__Work request__
Your answer must be the lines of the entries below, exactly as written, from the first line through the line containing "[c] |-> \sum_i".

__Supplied material__
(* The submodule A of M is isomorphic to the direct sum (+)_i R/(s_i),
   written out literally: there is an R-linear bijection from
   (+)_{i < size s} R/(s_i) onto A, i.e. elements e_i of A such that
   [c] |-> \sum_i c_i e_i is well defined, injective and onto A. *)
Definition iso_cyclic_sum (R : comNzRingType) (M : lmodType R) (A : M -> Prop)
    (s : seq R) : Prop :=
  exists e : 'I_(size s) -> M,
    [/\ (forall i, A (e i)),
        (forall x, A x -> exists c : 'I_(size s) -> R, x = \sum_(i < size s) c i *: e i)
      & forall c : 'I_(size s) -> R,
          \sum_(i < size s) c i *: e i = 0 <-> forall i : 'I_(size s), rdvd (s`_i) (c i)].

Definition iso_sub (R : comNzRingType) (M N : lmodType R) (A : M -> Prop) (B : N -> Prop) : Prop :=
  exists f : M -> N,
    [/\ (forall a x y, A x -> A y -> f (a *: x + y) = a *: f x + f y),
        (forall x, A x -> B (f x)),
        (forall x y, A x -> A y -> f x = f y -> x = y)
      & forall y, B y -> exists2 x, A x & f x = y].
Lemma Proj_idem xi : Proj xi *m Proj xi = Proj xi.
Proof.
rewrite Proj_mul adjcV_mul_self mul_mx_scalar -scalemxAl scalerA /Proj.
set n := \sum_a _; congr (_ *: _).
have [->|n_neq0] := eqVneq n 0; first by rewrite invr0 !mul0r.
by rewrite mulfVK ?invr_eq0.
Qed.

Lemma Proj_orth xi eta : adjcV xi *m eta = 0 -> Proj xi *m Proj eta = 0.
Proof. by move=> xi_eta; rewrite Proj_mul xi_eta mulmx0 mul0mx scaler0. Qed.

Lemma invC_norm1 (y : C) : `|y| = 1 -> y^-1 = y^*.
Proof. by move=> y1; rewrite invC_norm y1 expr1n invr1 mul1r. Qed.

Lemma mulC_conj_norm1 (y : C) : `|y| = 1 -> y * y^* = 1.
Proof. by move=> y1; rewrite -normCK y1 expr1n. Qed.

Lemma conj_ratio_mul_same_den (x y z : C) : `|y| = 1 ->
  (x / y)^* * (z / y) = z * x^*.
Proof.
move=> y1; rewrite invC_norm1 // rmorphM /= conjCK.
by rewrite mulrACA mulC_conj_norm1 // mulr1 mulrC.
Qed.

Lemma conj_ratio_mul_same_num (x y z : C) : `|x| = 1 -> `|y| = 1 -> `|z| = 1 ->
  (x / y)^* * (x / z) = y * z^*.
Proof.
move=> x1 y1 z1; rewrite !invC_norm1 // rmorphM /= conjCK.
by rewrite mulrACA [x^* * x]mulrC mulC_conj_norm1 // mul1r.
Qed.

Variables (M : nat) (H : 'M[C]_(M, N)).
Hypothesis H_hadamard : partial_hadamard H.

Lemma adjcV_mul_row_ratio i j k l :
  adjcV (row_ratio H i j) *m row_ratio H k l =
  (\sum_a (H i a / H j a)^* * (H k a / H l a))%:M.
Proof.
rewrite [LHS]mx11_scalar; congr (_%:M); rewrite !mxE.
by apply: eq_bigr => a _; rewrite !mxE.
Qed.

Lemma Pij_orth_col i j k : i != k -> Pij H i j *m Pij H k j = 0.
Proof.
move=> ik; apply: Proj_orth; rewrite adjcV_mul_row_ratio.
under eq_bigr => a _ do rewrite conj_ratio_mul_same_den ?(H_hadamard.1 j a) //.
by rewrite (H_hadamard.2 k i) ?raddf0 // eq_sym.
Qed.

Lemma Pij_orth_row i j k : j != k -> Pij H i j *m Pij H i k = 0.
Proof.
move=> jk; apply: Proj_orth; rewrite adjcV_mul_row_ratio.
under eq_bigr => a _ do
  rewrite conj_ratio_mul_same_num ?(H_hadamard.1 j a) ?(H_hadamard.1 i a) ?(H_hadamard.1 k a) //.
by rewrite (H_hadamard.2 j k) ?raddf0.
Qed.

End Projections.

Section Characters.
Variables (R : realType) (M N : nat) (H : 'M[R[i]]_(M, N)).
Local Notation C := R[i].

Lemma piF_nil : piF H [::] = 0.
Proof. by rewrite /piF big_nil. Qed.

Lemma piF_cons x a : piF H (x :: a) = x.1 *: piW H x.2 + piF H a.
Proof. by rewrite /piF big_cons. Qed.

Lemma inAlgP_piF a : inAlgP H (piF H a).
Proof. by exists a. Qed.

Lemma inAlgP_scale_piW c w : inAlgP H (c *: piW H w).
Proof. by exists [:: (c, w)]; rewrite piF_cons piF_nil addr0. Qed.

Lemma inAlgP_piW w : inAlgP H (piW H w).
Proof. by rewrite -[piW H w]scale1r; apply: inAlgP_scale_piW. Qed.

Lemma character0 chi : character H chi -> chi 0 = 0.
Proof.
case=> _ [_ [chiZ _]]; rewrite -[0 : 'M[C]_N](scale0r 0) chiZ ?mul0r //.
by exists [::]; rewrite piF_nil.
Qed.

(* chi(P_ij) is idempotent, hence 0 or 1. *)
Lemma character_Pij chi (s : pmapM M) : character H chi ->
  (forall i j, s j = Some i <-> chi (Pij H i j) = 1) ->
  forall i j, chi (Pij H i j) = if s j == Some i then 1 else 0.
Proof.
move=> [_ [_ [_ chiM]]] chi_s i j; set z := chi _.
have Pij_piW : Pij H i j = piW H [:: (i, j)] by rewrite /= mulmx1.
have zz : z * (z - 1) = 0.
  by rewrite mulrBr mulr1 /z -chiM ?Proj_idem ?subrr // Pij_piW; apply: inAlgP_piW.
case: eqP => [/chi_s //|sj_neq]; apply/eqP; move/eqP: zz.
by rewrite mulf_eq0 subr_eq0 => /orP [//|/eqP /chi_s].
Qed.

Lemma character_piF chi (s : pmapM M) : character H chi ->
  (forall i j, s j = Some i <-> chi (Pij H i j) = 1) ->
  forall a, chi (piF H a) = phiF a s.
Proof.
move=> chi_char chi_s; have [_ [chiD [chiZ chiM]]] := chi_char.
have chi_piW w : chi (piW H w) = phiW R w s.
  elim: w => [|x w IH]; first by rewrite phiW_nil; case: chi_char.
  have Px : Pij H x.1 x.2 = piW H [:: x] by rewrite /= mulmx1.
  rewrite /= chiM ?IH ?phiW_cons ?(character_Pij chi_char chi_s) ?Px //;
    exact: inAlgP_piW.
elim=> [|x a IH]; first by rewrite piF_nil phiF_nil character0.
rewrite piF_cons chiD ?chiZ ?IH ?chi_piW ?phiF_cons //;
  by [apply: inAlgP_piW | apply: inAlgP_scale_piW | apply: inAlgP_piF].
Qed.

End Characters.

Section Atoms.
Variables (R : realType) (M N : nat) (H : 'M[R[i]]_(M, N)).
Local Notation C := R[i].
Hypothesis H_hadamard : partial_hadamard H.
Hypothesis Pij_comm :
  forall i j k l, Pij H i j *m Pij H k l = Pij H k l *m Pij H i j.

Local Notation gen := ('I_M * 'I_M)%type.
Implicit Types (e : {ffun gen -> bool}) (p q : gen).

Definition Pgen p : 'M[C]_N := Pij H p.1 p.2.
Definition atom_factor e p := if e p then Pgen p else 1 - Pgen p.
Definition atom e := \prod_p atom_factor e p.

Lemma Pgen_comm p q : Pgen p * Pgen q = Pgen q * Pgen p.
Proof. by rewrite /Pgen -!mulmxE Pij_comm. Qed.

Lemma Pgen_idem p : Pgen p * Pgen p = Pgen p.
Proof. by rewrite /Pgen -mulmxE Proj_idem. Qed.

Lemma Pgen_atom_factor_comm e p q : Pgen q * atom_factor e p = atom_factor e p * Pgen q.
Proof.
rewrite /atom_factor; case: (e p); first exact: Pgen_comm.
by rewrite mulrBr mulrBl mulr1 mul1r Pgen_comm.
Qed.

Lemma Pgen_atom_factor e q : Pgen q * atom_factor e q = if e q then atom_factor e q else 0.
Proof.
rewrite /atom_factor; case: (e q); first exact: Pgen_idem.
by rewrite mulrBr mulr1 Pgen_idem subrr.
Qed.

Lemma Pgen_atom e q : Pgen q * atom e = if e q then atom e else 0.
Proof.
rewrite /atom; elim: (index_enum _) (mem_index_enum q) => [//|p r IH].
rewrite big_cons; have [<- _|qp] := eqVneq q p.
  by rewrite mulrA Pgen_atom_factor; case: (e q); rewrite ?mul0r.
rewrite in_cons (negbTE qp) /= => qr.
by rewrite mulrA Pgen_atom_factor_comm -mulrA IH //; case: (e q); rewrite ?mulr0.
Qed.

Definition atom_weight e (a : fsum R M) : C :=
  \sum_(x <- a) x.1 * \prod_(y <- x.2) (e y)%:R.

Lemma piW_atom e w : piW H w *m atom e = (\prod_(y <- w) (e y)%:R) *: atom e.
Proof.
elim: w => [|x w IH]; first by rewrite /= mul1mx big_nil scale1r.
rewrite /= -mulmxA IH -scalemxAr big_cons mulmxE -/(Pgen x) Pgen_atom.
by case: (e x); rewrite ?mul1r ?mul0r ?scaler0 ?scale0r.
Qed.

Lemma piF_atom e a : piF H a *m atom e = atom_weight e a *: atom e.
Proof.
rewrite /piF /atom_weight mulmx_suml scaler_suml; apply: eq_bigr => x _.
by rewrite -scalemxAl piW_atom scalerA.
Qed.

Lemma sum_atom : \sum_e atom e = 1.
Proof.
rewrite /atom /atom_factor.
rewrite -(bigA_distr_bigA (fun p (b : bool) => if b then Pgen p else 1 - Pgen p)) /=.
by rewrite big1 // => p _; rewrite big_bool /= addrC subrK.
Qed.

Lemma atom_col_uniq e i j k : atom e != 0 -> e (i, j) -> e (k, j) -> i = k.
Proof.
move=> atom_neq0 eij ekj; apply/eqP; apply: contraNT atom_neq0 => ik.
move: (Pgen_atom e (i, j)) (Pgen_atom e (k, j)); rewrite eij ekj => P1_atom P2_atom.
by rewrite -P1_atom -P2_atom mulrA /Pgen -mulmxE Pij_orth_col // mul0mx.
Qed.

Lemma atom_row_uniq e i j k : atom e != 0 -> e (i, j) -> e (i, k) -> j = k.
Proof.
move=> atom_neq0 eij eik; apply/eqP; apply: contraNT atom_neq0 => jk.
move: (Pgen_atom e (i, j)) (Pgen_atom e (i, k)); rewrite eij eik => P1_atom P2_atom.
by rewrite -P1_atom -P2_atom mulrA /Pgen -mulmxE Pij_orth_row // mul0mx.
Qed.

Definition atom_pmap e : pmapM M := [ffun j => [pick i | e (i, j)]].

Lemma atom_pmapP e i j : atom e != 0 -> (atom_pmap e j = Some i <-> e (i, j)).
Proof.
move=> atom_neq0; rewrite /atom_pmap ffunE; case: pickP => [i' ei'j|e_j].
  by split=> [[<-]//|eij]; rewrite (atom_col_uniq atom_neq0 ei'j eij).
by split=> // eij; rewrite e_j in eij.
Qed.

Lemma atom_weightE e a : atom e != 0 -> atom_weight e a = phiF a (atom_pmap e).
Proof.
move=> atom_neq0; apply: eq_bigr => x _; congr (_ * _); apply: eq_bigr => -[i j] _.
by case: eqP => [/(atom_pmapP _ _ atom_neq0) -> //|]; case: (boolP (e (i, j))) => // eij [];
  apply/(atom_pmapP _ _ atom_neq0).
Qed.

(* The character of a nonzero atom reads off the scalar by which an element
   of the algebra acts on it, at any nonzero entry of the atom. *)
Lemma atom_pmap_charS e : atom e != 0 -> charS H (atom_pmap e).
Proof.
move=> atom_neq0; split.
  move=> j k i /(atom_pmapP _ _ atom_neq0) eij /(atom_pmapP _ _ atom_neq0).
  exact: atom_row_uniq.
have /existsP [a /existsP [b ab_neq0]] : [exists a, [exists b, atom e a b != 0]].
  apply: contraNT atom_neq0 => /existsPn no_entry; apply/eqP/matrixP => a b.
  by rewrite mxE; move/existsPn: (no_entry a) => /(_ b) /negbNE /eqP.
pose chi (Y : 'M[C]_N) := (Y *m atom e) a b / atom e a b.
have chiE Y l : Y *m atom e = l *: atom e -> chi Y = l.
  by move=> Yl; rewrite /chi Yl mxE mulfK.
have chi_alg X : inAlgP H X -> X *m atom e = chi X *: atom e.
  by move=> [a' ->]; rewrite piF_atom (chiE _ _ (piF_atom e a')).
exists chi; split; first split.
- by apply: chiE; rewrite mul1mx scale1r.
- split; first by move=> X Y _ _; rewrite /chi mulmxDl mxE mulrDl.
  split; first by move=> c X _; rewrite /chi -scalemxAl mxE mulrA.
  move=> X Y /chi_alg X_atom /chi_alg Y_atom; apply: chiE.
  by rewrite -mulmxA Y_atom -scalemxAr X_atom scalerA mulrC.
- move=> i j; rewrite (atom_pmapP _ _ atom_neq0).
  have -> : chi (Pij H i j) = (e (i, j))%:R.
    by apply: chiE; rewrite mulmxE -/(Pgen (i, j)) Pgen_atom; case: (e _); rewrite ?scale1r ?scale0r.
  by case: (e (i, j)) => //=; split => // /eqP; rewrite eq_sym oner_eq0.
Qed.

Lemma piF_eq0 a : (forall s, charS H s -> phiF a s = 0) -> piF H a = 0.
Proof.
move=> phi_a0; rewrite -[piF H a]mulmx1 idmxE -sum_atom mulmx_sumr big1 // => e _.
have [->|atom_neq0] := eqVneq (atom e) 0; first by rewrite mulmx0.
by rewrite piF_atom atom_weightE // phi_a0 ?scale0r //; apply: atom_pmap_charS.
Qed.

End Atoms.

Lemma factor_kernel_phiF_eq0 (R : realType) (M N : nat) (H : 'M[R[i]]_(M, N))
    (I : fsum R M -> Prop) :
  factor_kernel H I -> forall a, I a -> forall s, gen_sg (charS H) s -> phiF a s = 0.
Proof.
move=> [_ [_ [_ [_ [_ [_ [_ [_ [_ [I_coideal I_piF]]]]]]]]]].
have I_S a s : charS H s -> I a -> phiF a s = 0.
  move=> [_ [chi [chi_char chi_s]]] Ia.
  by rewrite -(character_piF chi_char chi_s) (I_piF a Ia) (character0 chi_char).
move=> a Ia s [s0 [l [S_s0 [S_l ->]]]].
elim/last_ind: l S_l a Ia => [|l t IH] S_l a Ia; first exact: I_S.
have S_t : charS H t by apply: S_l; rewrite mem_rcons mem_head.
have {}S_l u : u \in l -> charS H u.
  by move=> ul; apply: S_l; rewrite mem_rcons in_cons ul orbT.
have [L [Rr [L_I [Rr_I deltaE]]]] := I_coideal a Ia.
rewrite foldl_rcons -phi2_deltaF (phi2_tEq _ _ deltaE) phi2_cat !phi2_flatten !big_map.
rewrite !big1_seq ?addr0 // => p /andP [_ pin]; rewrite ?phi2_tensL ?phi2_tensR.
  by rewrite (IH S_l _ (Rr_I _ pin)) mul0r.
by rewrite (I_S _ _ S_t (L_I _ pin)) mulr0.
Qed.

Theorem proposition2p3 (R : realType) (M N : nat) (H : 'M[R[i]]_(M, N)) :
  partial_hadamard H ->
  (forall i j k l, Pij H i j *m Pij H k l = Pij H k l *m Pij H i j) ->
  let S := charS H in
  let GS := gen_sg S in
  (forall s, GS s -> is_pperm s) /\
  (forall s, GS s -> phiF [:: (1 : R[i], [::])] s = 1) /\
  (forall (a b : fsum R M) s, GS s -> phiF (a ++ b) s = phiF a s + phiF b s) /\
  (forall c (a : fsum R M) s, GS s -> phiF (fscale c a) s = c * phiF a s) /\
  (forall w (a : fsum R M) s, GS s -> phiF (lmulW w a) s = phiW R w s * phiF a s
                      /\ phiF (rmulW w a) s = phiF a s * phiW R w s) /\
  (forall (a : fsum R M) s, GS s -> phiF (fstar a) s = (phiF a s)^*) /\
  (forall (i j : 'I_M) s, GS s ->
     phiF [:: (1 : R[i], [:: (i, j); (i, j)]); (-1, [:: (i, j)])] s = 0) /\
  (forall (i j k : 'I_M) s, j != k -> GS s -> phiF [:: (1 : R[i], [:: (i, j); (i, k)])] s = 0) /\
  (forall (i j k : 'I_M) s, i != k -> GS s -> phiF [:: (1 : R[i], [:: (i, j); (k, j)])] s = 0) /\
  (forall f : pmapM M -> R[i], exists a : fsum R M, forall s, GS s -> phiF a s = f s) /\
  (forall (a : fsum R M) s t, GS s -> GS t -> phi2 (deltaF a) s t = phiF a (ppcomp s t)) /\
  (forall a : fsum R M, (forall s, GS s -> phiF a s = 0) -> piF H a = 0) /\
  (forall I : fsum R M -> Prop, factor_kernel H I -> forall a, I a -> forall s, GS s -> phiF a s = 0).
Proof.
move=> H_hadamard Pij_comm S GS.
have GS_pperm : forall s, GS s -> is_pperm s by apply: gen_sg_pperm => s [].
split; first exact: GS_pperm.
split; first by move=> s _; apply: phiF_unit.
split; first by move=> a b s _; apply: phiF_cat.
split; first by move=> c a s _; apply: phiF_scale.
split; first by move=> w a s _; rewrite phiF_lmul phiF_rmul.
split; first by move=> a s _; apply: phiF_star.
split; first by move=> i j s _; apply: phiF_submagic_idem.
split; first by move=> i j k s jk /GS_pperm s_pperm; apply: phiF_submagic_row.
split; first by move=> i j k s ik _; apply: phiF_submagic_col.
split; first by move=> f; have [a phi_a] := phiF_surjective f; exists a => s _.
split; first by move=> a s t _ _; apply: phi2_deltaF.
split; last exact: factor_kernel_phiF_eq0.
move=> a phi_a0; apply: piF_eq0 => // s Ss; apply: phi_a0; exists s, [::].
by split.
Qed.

__Answer to this task__
(* The submodule A of M is isomorphic to the direct sum (+)_i R/(s_i),
   written out literally: there is an R-linear bijection from
   (+)_{i < size s} R/(s_i) onto A, i.e. elements e_i of A such that
   [c] |-> \sum_i c_i e_i is well defined, injective and onto A. *)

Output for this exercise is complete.